The public interest test therefore needs to be considered more generally. The ultimate public interest of prosecuting crimes is that future crime is deterred and reduced. Rape is a far more common crime than perverting the course of justice through false allegations of rape. It is also - despite the maximum sentences being identical - a more serious crime.
It might be possible, taking a single case in isolation, to conclude that it is in the public interest to prosecute someone for making a false allegation. However, because of the particular contexts in which rape occurs and in which accusations of rape are investigated and prosecuted, it is not sufficient to consider that case in isolation.
If by prosecuting a case, one successfully punishes the maker of a false report - but by doing so, deters even one other person from reporting their own rape, and so leaves a serial rapist free to commit several further crimes - Weinrott and Saylor  found that convicted rapists on average had committed ten times as many rapes as they were eventually prosecuted for, as well as numerous lesser violent crimes.
It would therefore be very hard indeed to argue that the prosecution was in the interests of the public as a whole.

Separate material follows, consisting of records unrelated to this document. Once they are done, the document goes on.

(* Let $d\ge1$, $p\in\mathcal H(n,d)$, let $P$ be the induced homogeneous polynomial, write $P=S\cdot Q$, and let $K$ be the support of the Newton diagram of $Q$. Then $K$ is connected, contains $(0,\dots,0)$, and has size $d$.
   Context: $s(x)=x_1+\dots+x_n$. $\mathcal H(n,d)$ is the set of $p\in\mathbb R[x_1,\dots,x_n]$ of degree $d$ with all coefficients nonnegative and $p(x)=1$ whenever $s(x)=1$. Writing $p=\sum_{k=0}^dp_k$ with $p_k$ homogeneous of degree $k$, the induced homogeneous polynomial is $P(X_0,\dots,X_n)=\sum_{k=0}^dp_k(X_1,\dots,X_n)(-X_0)^{d-k}-(-X_0)^d$; it vanishes where $S(X)=X_0+X_1+\dots+X_n=0$, so $P=SQ$ with $Q$ homogeneous. The Newton diagram of $Q$ (with $\deg P=d$) is the function $D\colon\mathbb Z^n\to\{0,P,N\}$ assigning to $m$ the value $P$, $0$, or $N$ according as the coefficient of $X_0^{d-1-|m|}X_1^{m_1}\cdots X_n^{m_n}$ in $Q$ is positive, zero (including when some exponent is negative), or negative, where $|m|=m_1+\dots+m_n$; its support is $K=D^{-1}(\{P,N\})$. With $e_1,\dots,e_n$ the standard basis, two distinct points $m,m'$ are adjacent if $m-m'\in\{\pm e_j\}\cup\{e_j-e_k:j\ne k\}$; $K$ is connected if any two points of $K$ are joined by a path of successively adjacent points of $K$. The size of $K$ is $k-|a|+1$ where $k=\max_{m\in K}|m|$ and $a_j=\min_{m\in K}m_j$. *)

From HB Require Import structures.
From mathcomp Require Import all_boot all_order all_algebra.
Set Implicit Arguments. Unset Strict Implicit. Unset Printing Implicit Defensive.
Import Order.TTheory GRing.Theory Num.Theory.
Local Open Scope ring_scope.

(* Polynomials are represented by their coefficient functions on monomials.
   A monomial in n variables X_0..X_{n-1} is its exponent vector. *)
Definition mono (n : nat) := {ffun 'I_n -> nat}.
Definition mdeg (n : nat) (m : mono n) : nat := (\sum_i m i)%N.

(* Evaluation of a polynomial (coefficients c) all of whose monomials have
   total degree <= d (hence every exponent <= d). *)
Definition meval (R : comNzRingType) (n d : nat) (c : mono n -> R)
    (x : 'I_n -> R) : R :=
  \sum_(m : {ffun 'I_n -> 'I_d.+1})
     c [ffun i => nat_of_ord (m i)] * \prod_(i < n) x i ^+ m i.

Definition in_H (R : realFieldType) (n d : nat) (c : mono n -> R) : Prop :=
  [/\ (forall m : mono n, (d < mdeg m)%N -> c m = 0),
      (exists m : mono n, mdeg m = d /\ c m != 0),
      (forall m : mono n, 0 <= c m)
    & (forall x : 'I_n -> R, \sum_i x i = 1 -> meval d c x = 1)].

(* Monomials in X_0, X_1..X_n: index ord0 is X_0, lift ord0 i is X_{i+1}. *)
Definition split0 (n : nat) (M : mono n.+1) : mono n :=
  [ffun i => M (lift ord0 i)].

(* Coefficient of X_0^{M_0} X^m in
   P = sum_{k=0}^d p_k(X) (-X_0)^{d-k} - (-X_0)^d. *)
Definition Pcoef (R : realFieldType) (n d : nat) (c : mono n -> R)
    (M : mono n.+1) : R :=
  let m := split0 M in
  if (M ord0 + mdeg m == d)%N then
    (-1) ^+ (d - mdeg m) * c m - (if mdeg m == 0%N then (-1) ^+ d else 0)
  else 0.

(* Coefficient of S*Q at M, where S = X_0 + ... + X_n. *)
Definition decr (n : nat) (M : mono n) (j : 'I_n) : mono n :=
  [ffun i => if i == j then (M i).-1 else M i].
Definition SQcoef (R : realFieldType) (n : nat) (q : mono n.+1 -> R)
    (M : mono n.+1) : R :=
  \sum_(j < n.+1 | (0 < M j)%N) q (decr M j).

Definition homogeneous (R : realFieldType) (n : nat) (q : mono n -> R)
    (k : nat) : Prop :=
  forall M : mono n, mdeg M != k -> q M = 0.

Definition pt (n : nat) := {ffun 'I_n -> int}.
Definition pdeg (n : nat) (m : pt n) : int := \sum_i m i.

(* The monomial X_0^{d-1-|m|} X^m (meaningful when m >= 0, |m| <= d-1). *)
Definition Qmono (n d : nat) (m : pt n) : mono n.+1 :=
  [ffun i => match unlift ord0 i with
             | None => (d.-1 - absz (pdeg m))%N
             | Some j => absz (m j) end].

Definition Qcoef_at (R : realFieldType) (n d : nat) (q : mono n.+1 -> R)
    (m : pt n) : R :=
  if [forall i, 0 <= m i] && (pdeg m <= (d.-1)%:Z) then q (Qmono d m) else 0.

Inductive sgn3 := Zero3 | Pos3 | Neg3.

Definition newton (R : realFieldType) (n d : nat) (q : mono n.+1 -> R)
    (m : pt n) : sgn3 :=
  let a := Qcoef_at d q m in
  if 0 < a then Pos3 else if a < 0 then Neg3 else Zero3.

Definition newton_support (R : realFieldType) (n d : nat)
    (q : mono n.+1 -> R) : pred (pt n) :=
  fun m => match newton d q m with Zero3 => false | _ => true end.

Definition evec (n : nat) (j : 'I_n) : pt n := [ffun i => Posz (i == j)].
Definition pdif (n : nat) (m m' : pt n) : pt n := [ffun i => m i - m' i].

Definition adjacent (n : nat) : rel (pt n) := fun m m' =>
  (m != m') &&
  ([exists j, (pdif m m' == evec j) || (pdif m m' == [ffun i => - evec j i])]
   || [exists j, exists k,
         (j != k) && (pdif m m' == [ffun i => evec j i - evec k i])]).

Definition connected (n : nat) (K : pred (pt n)) : Prop :=
  forall x y, K x -> K y ->
    exists s : seq (pt n), [/\ path (@adjacent n) x s, last x s = y & all K s].

Definition has_size (n : nat) (K : pred (pt n)) (sz : int) : Prop :=
  exists (k : int) (a : pt n),
    [/\ (exists2 m, K m & pdeg m = k),
        (forall m, K m -> pdeg m <= k),
        (forall j, (exists2 m, K m & m j = a j) /\
                   (forall m, K m -> a j <= m j))
      & k - pdeg a + 1 = sz].

From HB Require Import structures.
From mathcomp Require Import all_boot all_order all_algebra.
From Stdlib Require Import ClassicalEpsilon.
Import Order.TTheory GRing.Theory Num.Theory.
Local Open Scope ring_scope.
Set Implicit Arguments. Unset Strict Implicit. Unset Printing Implicit Defensive.

(* Every point of K has nonnegative coordinates and total degree <= d - 1,
   so it suffices to show that every point of K is joined to the origin by
   a path inside K and that K reaches degree d - 1.

   The key step (support_joined_origin): let G be Q with the monomials of
   the points joined to the origin erased. The monomials of Q contributing
   to a single monomial of S*Q give pairwise adjacent points (adjacent_decr),
   so S*G is the part of P on the monomials it touches (SQcoef_erase), and
   none of these is a pure power of X_0. At the zero (-n, 1, ..., 1) of S
   every such term of P is a nonnegative multiple of a coefficient of p
   (Pcoef_vanish), so this part of P vanishes; thus S*G = 0, and G = 0 since
   S is not a zero divisor (SQcoef_eq0). The top degree comes from a monomial
   of p of degree d (support_top). *)

Lemma le_mdeg (n : nat) (M : mono n) (i : 'I_n) : (M i <= mdeg M)%N.
Proof. by rewrite /mdeg (bigD1 i) //= leq_addr. Qed.

Lemma mdeg_split0 (n : nat) (M : mono n.+1) :
  mdeg M = (M ord0 + mdeg (split0 M))%N.
Proof.
by rewrite /mdeg big_ord_recl; congr (_ + _)%N; apply: eq_bigr => i _; rewrite ffunE.
Qed.

Definition pt_of (n : nat) (M : mono n.+1) : pt n :=
  [ffun i => Posz (M (lift ord0 i))].

Lemma pdeg_pt_of (n : nat) (M : mono n.+1) :
  pdeg (pt_of M) = Posz (mdeg (split0 M)).
Proof. by rewrite /pdeg /mdeg -natz natr_sum; apply: eq_bigr => i _; rewrite !ffunE natz. Qed.

Lemma pt_of_decr0 (n : nat) (M : mono n.+1) : pt_of (decr M ord0) = pt_of M.
Proof. by apply/ffunP => i; rewrite !ffunE eq_sym (negbTE (neq_lift _ _)). Qed.

Lemma newton_supportE (R : realFieldType) (n d : nat) (q : mono n.+1 -> R)
    (m : pt n) :
  newton_support d q m = (Qcoef_at d q m != 0).
Proof.
rewrite /newton_support /newton.
case: ifP => [pos|npos]; first by rewrite gt_eqF.
case: ifP => [neg|nneg]; first by rewrite lt_eqF.
by case: ltgtP npos nneg.
Qed.

Lemma Qmono_pt_of (n d : nat) (M : mono n.+1) :
  mdeg M = d.-1 -> Qmono d (pt_of M) = M.
Proof.
move=> hM; apply/ffunP => i; rewrite ffunE.
case: unliftP => [j ->|->]; first by rewrite ffunE.
by rewrite pdeg_pt_of /= -hM mdeg_split0 addnK.
Qed.

Lemma newton_supportP (R : realFieldType) (n d : nat) (q : mono n.+1 -> R)
    (m : pt n) :
  newton_support d q m ->
  [/\ forall i, 0 <= m i, pdeg m <= (d.-1)%:Z, q (Qmono d m) != 0
    & pt_of (Qmono d m) = m].
Proof.
rewrite newton_supportE /Qcoef_at.
case: ifP => [/andP [/forallP m_ge0 m_le] qm|]; last by rewrite eqxx.
split=> //; apply/ffunP => i; rewrite !ffunE liftK /=.
by have := m_ge0 i; case: (m i).
Qed.

Lemma mdeg_homogeneous (R : realFieldType) (n d : nat) (q : mono n.+1 -> R)
    (M : mono n.+1) :
  homogeneous q d.-1 -> q M != 0 -> mdeg M = d.-1.
Proof. by move=> hom qM; apply/eqP; apply: contraNT qM => /hom ->. Qed.

Lemma newton_support_pt_of (R : realFieldType) (n d : nat)
    (q : mono n.+1 -> R) (M : mono n.+1) :
  homogeneous q d.-1 -> q M != 0 -> newton_support d q (pt_of M).
Proof.
move=> hom qM; have hM := mdeg_homogeneous hom qM.
have M_in_range : [forall i, 0 <= pt_of M i] && (pdeg (pt_of M) <= (d.-1)%:Z).
  apply/andP; split; first by apply/forallP => i; rewrite ffunE.
  by rewrite pdeg_pt_of -hM mdeg_split0 lez_nat leq_addl.
by rewrite newton_supportE /Qcoef_at M_in_range Qmono_pt_of.
Qed.

Lemma pdif_sym (n : nat) (m m' : pt n) : pdif m' m = [ffun i => - pdif m m' i].
Proof. by apply/ffunP => i; rewrite !ffunE opprB. Qed.

Lemma adjacent_sym (n : nat) (m m' : pt n) : adjacent m m' -> adjacent m' m.
Proof.
case/andP=> ne /orP [/existsP [j /orP [/eqP h|/eqP h]]|
                    /existsP [j /existsP [k /andP [jk /eqP h]]]];
  rewrite /adjacent eq_sym ne /= pdif_sym h.
- apply/orP; left; apply/existsP; exists j; apply/orP; right.
  by apply/eqP/ffunP => i; rewrite !ffunE.
- apply/orP; left; apply/existsP; exists j; apply/orP; left.
  by apply/eqP/ffunP => i; rewrite !ffunE opprK.
- apply/orP; right; apply/existsP; exists k; apply/existsP; exists j.
  by rewrite eq_sym jk; apply/eqP/ffunP => i; rewrite !ffunE opprB.
Qed.
Lemma is_eigenvector_cmap (mu : R * R) (x : W * W) :
  is_eigenvector setT B mu x -> is_eigenvector S A mu (cmap P x).
Proof.
case=> _ [nz x0]; split; first by split; apply: PS.
by split; [move/cmap_eq0 | rewrite cshift_cmap x0 cmap0].
Qed.

Section NonzeroEigenvalue.
Variable mu : R * R.
Hypothesis mu_neq0 : mu <> (0, 0).

Lemma range_cscale (x : U * U) :
  range (cmap P) (cscale mu x) -> range (cmap P) x.
Proof.
case: mu mu_neq0 => a b ab [y _ Py].
have n_neq0 := sqr_add_neq0 ab.
exists ((a ^+ 2 + b ^+ 2)^-1 *: cscale (a, - b) y) => //.
by rewrite cmapZ cmap_cscale Py cscale_conj scalerA mulVf // scale1r.
Qed.

Lemma range_cshift (x : U * U) :
  range (cmap P) (cshift A mu x) -> range (cmap P) x.
Proof.
case=> z _ Pz; apply: range_cscale.
exists (cmap (B \o Q) x - z) => //.
by rewrite cmapB Pz (cscale_cshift A) /cmap /= !AE.
Qed.

Lemma range_cshiftn (k : nat) (x : U * U) :
  range (cmap P) (cshiftn A mu k x) -> range (cmap P) x.
Proof.
by elim: k x => // k IHk x; rewrite /cshiftn iterSr => /IHk /range_cshift.
Qed.

Lemma range_gker (k : nat) (x : U * U) :
  cshiftn A mu k x = (0, 0) -> range (cmap P) x.
Proof.
move=> xk; apply: (@range_cshiftn k); rewrite xk.
by exists (0, 0); last exact: cmap0.
Qed.

Lemma has_partial_mult_conj (k : nat) :
  has_partial_mult setT B mu k <-> has_partial_mult S A mu k.
Proof.
split=> [[y /jordan_chain_cmap chain] | [x chain]].
  by exists (cmap P \o y).
have x_range i : (i < k)%N -> range (cmap P) (x i).
  case: chain => _ [_ [_ [x0 xS]]].
  elim: i => [_ | i IHi ik]; first by apply: (@range_gker 1).
  by apply: range_cshift; rewrite xS //; apply: IHi (ltnW ik).
exists (cmap Q \o x); apply/jordan_chain_cmap; apply: eq_jordan_chain chain.
by move=> i ik; rewrite /= cmap_in_range //; apply: x_range.
Qed.

Lemma gker_dim_ge_conj (k n : nat) :
  gker_dim_ge setT B mu k n <-> gker_dim_ge S A mu k n.
Proof.
split=> [[y [ker indep]] | [x [ker indep]]].
  exists (fun i => cmap P (y i)); split; last exact/cindep_cmap.
  move=> i; rewrite cshiftn_cmap (ker i).2 cmap0.
  by split=> //; split; apply: PS.
have xE : x = (fun i => cmap P (cmap Q (x i))).
  apply: funext => i; rewrite cmap_in_range //.
  exact: (@range_gker k) (ker i).2.
rewrite xE in ker indep; move/cindep_cmap: indep => indep.
exists (fun i => cmap Q (x i)); split=> // i; split=> //.
by apply/cmap_eq0; rewrite -cshiftn_cmap (ker i).2.
Qed.

End NonzeroEigenvalue.
End ConjugateOperators.

Theorem proposition4p4
  (R : realType) (d : nat) (tau h : R) (Htau : 0 < tau) (Hh : tau <= h)
  (* X, X^+, X^{+-} and the subspaces X~ of X, X~^+ of X^+ *)
  (X Xp Xpm Xt Xtp : set (fn R d))
  (HX : fn_subspace (- tau) 0 X) (HXp : fn_subspace 0 h Xp)
  (HXpm : fn_subspace (- tau) h Xpm)
  (HXt : subspace_of Xt) (HXtX : Xt `<=` X)
  (HXtp : subspace_of Xtp) (HXtpXp : Xtp `<=` Xp)
  (* V and F_s *)
  (V : fn R d -> fn R d -> fn R d) (Fs : fn R d -> fn R d)
  (HVin : forall phi z, X phi -> Xp z -> Xpm (V phi z))
  (HVlin : linear_on2 X Xp V)
  (HVrestr : forall phi z t, X phi -> Xp z -> - tau <= t <= 0 -> V phi z t = phi t)
  (HFsin : forall u, Xpm u -> Xp (Fs u))
  (HFslin : linear_on Xpm Fs)
  (* discretization spaces and restriction/prolongation operators *)
  (XM : nat -> vectType R) (RM : forall M, fn R d -> XM M)
  (PM : forall M, XM M -> fn R d)
  (XN : nat -> vectType R) (RN : forall N, fn R d -> XN N)
  (PN : forall N, XN N -> fn R d)
  (HRMlin : forall M, linear_on Xt (RM M))
  (HPMlin : forall M, linear (PM M)) (HPMin : forall M Phi, X (PM M Phi))
  (HRPM : forall M Phi, RM M (PM M Phi) = Phi)
  (HRNlin : forall N, linear_on Xtp (RN N))
  (HPNlin : forall N, linear (PN N)) (HPNin : forall N Z, Xp (PN N Z))
  (HRPN : forall N Z, RN N (PN N Z) = Z)
  (* Hypothesis (H4) *)
  (H4 : forall M N,
      range (PM M) `<=` range (PM M.+1) /\
      range (PN N) `<=` range (PN N.+1) /\
      range (PM M) `<=` Xt /\ range (PN N) `<=` Xtp /\
      (forall phi z, range (PM M) phi -> range (PN N) z ->
         Xt (shift_h tau h (V phi z)) /\ Xtp (Fs (V phi z))))
  (M N : nat)
  (* uniqueness of the solution Z* of the fixed-point equation *)
  (Huniq : forall Phi : XM M, exists! Z : XN N,
      Z = RN N (Fs (V (PM M Phi) (PN N Z))))
  (* T = T_{M,N} *)
  (T : XM M -> XM M)
  (HT : forall Phi : XM M, exists Z : XN N,
      Z = RN N (Fs (V (PM M Phi) (PN N Z))) /\
      T Phi = RM M (shift_h tau h (V (PM M Phi) (PN N Z)))) :
  let That : fn R d -> fn R d := fun u => PM M (T (RM M u)) in
  (forall mu : R * R, mu <> (0, 0) ->
     (is_eigenvalue setT T mu <-> is_eigenvalue Xt That mu) /\
     (forall n, geom_mult_ge setT T mu n <-> geom_mult_ge Xt That mu n) /\
     (forall k, has_partial_mult setT T mu k <-> has_partial_mult Xt That mu k) /\
     (forall k n, gker_dim_ge setT T mu k n <-> gker_dim_ge Xt That mu k n)) /\
  (forall (mu : R * R) (Phi : XM M * XM M), mu <> (0, 0) ->
     is_eigenvector setT T mu Phi ->
     is_eigenvector Xt That mu (PM M Phi.1, PM M Phi.2)).
Proof.
move=> That.
pose PMl : {linear XM M -> fn R d} :=
  HB.pack (PM M) (GRing.isLinear.Build _ _ _ _ (PM M) (HPMlin M)).
have PMK : cancel PMl (RM M) := HRPM M.
have ThatE u : That u = PMl (T (RM M u)) by [].
have PM_Xt Phi : Xt (PMl Phi) by apply: (H4 M N).2.2.1; exists Phi.
split=> [mu mu0 | mu Phi _]; last exact: (is_eigenvector_cmap PMK ThatE PM_Xt).
have pm_conj := has_partial_mult_conj PMK ThatE PM_Xt mu0.
have gk_conj := gker_dim_ge_conj PMK ThatE PM_Xt mu0.
split; first by rewrite !is_eigenvalue_partial_mult1.
by split=> [n | ]; [exact: gk_conj | split].
Qed.
Lemma vertical_drift_signs a be umin umax : umin < 0 -> 0 < umax -> be <> 0 ->
  exists eps, 0 < eps /\ forall x, 1 - eps < x < 1 + eps ->
    0 < x /\ exists up dn, umin <= up <= umax /\ umin <= dn <= umax /\
      0 < a * (x - 1) + up * x * be /\ a * (x - 1) + dn * x * be < 0.
Proof.
  intros humin humax hbe.
  assert (hM := rate_max_pos be umin umax humin humax hbe).
  assert (hm := rate_min_neg be umin umax humin humax hbe).
  destruct (exists_control_rate be umin umax humin humax hbe (rate_max be umin umax))
    as [up [hup Eup]]; [lra|].
  destruct (exists_control_rate be umin umax humin humax hbe (rate_min be umin umax))
    as [dn [hdn Edn]]; [lra|].
  set (mu := Rmin (up * be) (- (dn * be))).
  assert (hmu : 0 < mu) by (unfold mu; apply Rmin_pos; lra).
  assert (mu <= up * be) by apply Rmin_l. assert (mu <= - (dn * be)) by apply Rmin_r.
  set (k := Rabs (a + up * be) + Rabs (a + dn * be) + 1).
  assert (hk1 : Rabs (a + up * be) <= k - 1) by (unfold k;
    assert (0 <= Rabs (a + dn * be)) by apply Rabs_pos; lra).
  assert (hk2 : Rabs (a + dn * be) <= k - 1) by (unfold k;
    assert (0 <= Rabs (a + up * be)) by apply Rabs_pos; lra).
  assert (hk : 0 < k) by (assert (0 <= Rabs (a + up * be)) by apply Rabs_pos; lra).
  set (eps := Rmin 1 (mu / k)).
  assert (he1 : eps <= 1) by apply Rmin_l. assert (he2 : eps <= mu / k) by apply Rmin_r.
  assert (hkeps : k * eps <= mu) by (apply (Rmult_le_reg_r (/ k)); [apply Rinv_0_lt_compat; lra|];
    replace (k * eps * / k) with eps by (field; lra); exact he2).
  exists eps. split; [apply Rmin_pos; [lra|apply Rdiv_lt_0_compat; lra]|].
  intros x hx. split; [lra|]. exists up, dn. split; [auto|split; [auto|]].
  assert (hd : forall v, Rabs ((a + v * be) * (x - 1)) <= (k - 1) * eps -> Rabs (a + v * be) <= k - 1 ->
     Rabs (a * (x - 1) + v * x * be - v * be) < mu).
  { intros v h1 h2. replace (a * (x - 1) + v * x * be - v * be)
    with ((a + v * be) * (x - 1)) by ring. nra. }
  assert (hx1 : Rabs (x - 1) <= eps) by (apply Rabs_le; lra).
  assert (B : forall v, Rabs (a + v * be) <= k - 1 -> Rabs ((a + v * be) * (x - 1)) <= (k - 1) * eps).
  { intros v hv. rewrite Rabs_mult. apply Rmult_le_compat; auto using Rabs_pos. }
  assert (X1 := hd up (B up hk1) hk1). assert (X2 := hd dn (B dn hk2) hk2).
  apply Rabs_def2 in X1. apply Rabs_def2 in X2. split; lra.
Qed.

Lemma control_sets_vertical_lines a b al be umin umax :
  umin < 0 -> 0 < umax -> al <> 0 \/ be <> 0 -> al = 0 -> a * al + b * be = 0 ->
  exists eps, 0 < eps /\ forall x, 1 - eps < x < 1 + eps ->
    is_control_set a b al be umin umax (fun p => fst p = x).
Proof.
  intros humin humax halbe hal hc. subst al.
  assert (hbe : be <> 0) by (destruct halbe; [lra|auto]).
  assert (hb : b = 0) by (rewrite Rmult_0_r, Rplus_0_l in hc; destruct (Rmult_integral _ _ hc); tauto).
  subst b. destruct (vertical_drift_signs a be umin umax humin humax hbe) as [eps [heps H]].
  exists eps. split; auto. intros x hx.
  destruct (H x hx) as [hx0 [up [dn [hup [hdn [h1 h2]]]]]].
  apply (vertical_line_control_set a be umin umax x up dn); auto.
Qed.

(** * Vertical segments *)

Lemma sandwiched_interval (I : R -> Prop) lo hi y0 : lo < y0 < hi ->
  (forall y, lo < y < hi -> I y) -> (forall y, I y -> lo <= y <= hi) ->
  is_interval I /\ (exists M, forall y, I y -> Rabs y <= M) /\
  (exists y0 r, 0 < r /\ forall y, Rabs (y - y0) < r -> I y) /\ I y0.
Proof.
  intros hy0 hin hout. split; [|split; [|split]].
  - intros y1 y2 y h1 h2 hy. destruct (Req_dec y y1) as [->|n1]; auto.
    destruct (Req_dec y y2) as [->|n2]; auto.
    apply hin. apply hout in h1. apply hout in h2. lra.
  - exists (Rabs lo + Rabs hi). intros y hy. apply hout in hy.
    unfold Rabs. repeat destruct Rcase_abs; lra.
  - exists ((lo + hi) / 2), ((hi - lo) / 2). split; [lra|].
    intros y hy. apply Rabs_def2 in hy. apply hin. lra.
  - apply hin; auto.
Qed.

Lemma exists_exp_decay b D e : b < 0 -> 0 < e -> exists t, 0 <= t /\ Rabs D * exp (b * t) < e.
Proof.
  intros hb he. assert (hD : 0 <= Rabs D) by apply Rabs_pos.
  set (c := e / (Rabs D + 1)). assert (hc : 0 < c) by (apply Rdiv_lt_0_compat; lra).
  exists (Rmax 0 (ln c / b)). split; [apply Rmax_l|].
  assert (hbt : b * Rmax 0 (ln c / b) <= ln c).
  { assert (ln c / b <= Rmax 0 (ln c / b)) by apply Rmax_r.
    replace (ln c) with (b * (ln c / b)) at 2 by (field; lra). nra. }
  assert (hexp : exp (b * Rmax 0 (ln c / b)) <= c).
  { rewrite <- (exp_ln c) at 2 by auto. apply exp_le_compat; auto. }
  assert (Rabs D * exp (b * Rmax 0 (ln c / b)) <= Rabs D * c) by (apply Rmult_le_compat_l; auto).
  assert (Rabs D * c < e) by (unfold c; apply Rmult_lt_reg_r with (Rabs D + 1); [lra|];
    field_simplify; nra).
  lra.
Qed.

Section VerticalSegments.

Variables a b be umin umax x0 : R.
Hypotheses (humin : umin < 0) (humax : 0 < umax) (hb : b <> 0) (hbe : be <> 0) (hx0 : 0 < x0).

Local Notation orbit := (orbit_plus a b 0 be umin umax).
Local Notation pre_cs := (pre_control_set a b 0 be umin umax).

That prosecutions relating to false allegations of rape (but not false allegations of other crimes) are regularly reported in the press means that the likelihood of such a prosecution having a deterrent effect are extremely high.
Hundreds of thousands of rapes occur in the UK each year. Mere hundreds of false allegations are made, and those in which a suspect is named by the accuser are much rarer - arrest or charge of a suspect based on a false allegation is rarer still. Even a tiny deterrent effect could therefore let a significant number of rapists go undetected.
In addition to this, of course, the high-profile reporting that false allegations receive feeds in to the common belief among many members of the public that false allegations are commonplace. This attitude and culture is something that the CPS already have to work against. By prosecuting a false allegation case, prosecutors may be directly increasing the difficulty of the - already difficult - task their fellow prosecutors have in prosecuting rape cases. Again, this is difficult to justify as being in the broader public interest.
A consideration of whether prosecuting the case could increase the likelihood of other rapes being committed, other rapes remaining undetected, and rapists being difficult to prosecute successfuly - causing great harm to the general public interest - should therefore be weighed against the local public interest served by prosecution of an individual case.
The explanation of "double retraction" is clear. However, under the circumstances described in paragraph 26, I am unable to think of a situation in which a prosecution would be in the public interest, for the reasons of the matter of logic stated within that paragraph.
An example of a case where prosecution might be in the public interest is perhaps needed here.
Given the likelihood of a prosecution having wider repercussions beyond the narrow public interest of prosecuting a particular case, and the difficulties therefore caused in achieving justice for future victims of rape, I believe that the interim measures described in paragraphs 29 and 30 (referral to the Director of Public Prosecutions) should be made permanent.
These cases are extremely rare, but the need for oversight at the highest level is clear.